§ **Brief**
Only lines holding "have" are needed; copy each of them from the data below.

§ **Items from a dataset**
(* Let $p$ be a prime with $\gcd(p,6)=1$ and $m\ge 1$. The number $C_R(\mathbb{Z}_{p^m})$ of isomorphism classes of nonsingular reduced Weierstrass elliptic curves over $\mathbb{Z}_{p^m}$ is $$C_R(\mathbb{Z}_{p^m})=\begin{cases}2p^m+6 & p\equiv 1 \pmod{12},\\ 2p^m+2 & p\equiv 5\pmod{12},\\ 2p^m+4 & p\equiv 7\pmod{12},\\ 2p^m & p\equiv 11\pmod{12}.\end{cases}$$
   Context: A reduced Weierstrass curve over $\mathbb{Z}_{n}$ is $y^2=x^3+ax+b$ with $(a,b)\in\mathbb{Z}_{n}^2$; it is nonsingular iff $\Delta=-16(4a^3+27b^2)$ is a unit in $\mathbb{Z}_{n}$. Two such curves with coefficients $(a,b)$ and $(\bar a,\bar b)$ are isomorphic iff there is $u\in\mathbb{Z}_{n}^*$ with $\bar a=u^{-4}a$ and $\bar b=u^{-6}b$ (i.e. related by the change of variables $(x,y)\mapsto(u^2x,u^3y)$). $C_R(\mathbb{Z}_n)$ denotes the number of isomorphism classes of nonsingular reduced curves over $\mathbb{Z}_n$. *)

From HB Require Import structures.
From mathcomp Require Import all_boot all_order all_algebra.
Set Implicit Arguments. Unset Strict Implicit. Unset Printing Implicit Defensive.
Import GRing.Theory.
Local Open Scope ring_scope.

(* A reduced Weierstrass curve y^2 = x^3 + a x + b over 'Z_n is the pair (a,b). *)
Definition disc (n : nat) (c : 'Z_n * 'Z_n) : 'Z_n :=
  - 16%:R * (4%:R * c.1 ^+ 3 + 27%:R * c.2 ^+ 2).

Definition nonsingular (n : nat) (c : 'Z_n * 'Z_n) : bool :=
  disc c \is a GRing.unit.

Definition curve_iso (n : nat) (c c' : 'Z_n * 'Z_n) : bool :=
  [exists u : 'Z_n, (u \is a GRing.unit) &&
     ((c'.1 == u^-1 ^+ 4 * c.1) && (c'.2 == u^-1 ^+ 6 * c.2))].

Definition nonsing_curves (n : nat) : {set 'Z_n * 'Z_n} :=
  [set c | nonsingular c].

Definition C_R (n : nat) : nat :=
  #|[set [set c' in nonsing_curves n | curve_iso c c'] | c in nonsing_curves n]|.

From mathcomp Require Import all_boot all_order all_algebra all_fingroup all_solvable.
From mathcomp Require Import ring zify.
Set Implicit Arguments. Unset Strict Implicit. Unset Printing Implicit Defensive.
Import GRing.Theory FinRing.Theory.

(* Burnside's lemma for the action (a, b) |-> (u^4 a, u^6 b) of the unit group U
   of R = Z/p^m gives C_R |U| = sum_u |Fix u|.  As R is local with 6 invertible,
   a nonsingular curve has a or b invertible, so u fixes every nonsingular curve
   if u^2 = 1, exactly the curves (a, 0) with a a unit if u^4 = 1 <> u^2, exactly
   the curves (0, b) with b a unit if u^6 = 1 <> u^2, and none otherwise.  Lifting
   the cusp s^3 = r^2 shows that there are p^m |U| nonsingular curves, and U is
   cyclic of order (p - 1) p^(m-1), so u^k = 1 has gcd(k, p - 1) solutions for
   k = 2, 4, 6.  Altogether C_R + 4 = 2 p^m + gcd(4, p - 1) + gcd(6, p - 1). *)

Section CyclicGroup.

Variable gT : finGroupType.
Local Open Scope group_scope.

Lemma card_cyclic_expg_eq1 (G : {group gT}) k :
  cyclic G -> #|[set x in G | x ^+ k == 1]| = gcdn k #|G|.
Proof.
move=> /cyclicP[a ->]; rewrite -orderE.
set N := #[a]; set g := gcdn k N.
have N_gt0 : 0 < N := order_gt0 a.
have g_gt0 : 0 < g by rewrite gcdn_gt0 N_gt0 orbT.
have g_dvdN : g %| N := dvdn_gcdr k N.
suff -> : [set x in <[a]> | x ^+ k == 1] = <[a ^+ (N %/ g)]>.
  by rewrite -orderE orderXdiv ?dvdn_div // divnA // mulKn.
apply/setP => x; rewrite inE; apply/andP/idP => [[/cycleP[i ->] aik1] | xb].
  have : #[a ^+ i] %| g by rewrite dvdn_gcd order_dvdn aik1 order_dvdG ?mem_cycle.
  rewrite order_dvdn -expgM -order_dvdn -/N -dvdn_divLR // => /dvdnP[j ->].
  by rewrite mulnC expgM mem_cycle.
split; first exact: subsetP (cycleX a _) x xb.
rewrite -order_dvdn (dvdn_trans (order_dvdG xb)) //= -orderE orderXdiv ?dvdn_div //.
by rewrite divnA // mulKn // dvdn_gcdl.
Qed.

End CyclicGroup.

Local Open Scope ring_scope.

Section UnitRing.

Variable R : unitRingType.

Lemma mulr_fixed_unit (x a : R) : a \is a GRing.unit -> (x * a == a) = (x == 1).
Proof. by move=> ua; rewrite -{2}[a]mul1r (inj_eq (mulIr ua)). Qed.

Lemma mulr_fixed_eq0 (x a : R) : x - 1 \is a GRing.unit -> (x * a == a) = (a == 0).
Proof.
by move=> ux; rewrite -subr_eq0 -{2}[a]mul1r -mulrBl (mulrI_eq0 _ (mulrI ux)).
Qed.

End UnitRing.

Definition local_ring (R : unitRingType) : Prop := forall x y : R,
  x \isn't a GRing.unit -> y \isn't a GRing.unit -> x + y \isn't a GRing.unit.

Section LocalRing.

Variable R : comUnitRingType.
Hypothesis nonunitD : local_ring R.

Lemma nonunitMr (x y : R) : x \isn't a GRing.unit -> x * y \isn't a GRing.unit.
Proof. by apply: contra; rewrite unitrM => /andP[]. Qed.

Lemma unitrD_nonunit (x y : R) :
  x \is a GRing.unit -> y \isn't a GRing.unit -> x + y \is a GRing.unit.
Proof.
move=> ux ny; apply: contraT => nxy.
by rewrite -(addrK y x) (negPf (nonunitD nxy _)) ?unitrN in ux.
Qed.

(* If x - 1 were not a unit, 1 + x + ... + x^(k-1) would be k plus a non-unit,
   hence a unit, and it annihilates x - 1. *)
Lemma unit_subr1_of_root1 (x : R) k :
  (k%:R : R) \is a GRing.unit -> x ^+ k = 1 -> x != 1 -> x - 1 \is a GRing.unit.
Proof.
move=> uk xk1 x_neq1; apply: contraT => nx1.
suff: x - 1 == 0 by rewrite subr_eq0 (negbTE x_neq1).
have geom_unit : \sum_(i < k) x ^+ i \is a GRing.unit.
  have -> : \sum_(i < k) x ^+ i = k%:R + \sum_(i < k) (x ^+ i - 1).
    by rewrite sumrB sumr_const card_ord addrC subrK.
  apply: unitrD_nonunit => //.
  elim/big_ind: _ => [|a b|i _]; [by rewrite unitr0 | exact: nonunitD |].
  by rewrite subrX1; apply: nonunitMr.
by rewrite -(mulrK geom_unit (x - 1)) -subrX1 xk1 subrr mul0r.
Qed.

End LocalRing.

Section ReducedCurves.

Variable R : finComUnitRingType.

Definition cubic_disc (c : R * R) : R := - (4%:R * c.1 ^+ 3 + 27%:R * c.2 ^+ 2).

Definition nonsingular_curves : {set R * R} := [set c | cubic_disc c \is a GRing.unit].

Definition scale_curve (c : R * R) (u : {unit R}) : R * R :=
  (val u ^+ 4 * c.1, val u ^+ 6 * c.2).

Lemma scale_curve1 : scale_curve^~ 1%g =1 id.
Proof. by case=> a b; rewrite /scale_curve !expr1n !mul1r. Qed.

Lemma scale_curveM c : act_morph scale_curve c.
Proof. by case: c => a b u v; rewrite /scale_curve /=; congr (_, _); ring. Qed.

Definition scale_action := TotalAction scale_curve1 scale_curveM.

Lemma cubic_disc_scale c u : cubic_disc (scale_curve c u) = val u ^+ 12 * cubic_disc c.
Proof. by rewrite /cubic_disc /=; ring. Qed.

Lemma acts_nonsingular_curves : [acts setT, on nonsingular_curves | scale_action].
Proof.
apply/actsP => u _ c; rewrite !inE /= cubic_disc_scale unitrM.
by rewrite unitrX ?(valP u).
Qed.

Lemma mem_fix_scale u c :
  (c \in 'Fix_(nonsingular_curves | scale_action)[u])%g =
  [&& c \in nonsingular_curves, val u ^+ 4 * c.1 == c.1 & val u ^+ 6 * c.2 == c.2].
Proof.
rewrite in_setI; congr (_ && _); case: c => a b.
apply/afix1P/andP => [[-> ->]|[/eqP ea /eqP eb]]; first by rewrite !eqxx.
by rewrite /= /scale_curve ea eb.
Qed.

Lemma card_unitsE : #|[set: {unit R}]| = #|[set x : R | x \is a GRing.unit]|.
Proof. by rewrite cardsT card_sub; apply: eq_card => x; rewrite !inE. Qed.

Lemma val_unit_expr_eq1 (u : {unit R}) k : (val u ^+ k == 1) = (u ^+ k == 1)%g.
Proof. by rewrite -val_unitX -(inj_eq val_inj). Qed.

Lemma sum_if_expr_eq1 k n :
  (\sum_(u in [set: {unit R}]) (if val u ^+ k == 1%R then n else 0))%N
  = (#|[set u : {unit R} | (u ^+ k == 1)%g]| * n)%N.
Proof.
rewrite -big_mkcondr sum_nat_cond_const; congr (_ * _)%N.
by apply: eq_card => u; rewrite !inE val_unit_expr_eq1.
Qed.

§ **Answer area**
have N_gt0 : 0 < N := order_gt0 a.
have g_gt0 : 0 < g by rewrite gcdn_gt0 N_gt0 orbT.
have g_dvdN : g %| N := dvdn_gcdr k N.
  have : #[a ^+ i] %| g by rewrite dvdn_gcd order_dvdn aik1 order_dvdG ?mem_cycle.
have geom_unit : \sum_(i < k) x ^+ i \is a GRing.unit.
  have -> : \sum_(i < k) x ^+ i = k%:R + \sum_(i < k) (x ^+ i - 1).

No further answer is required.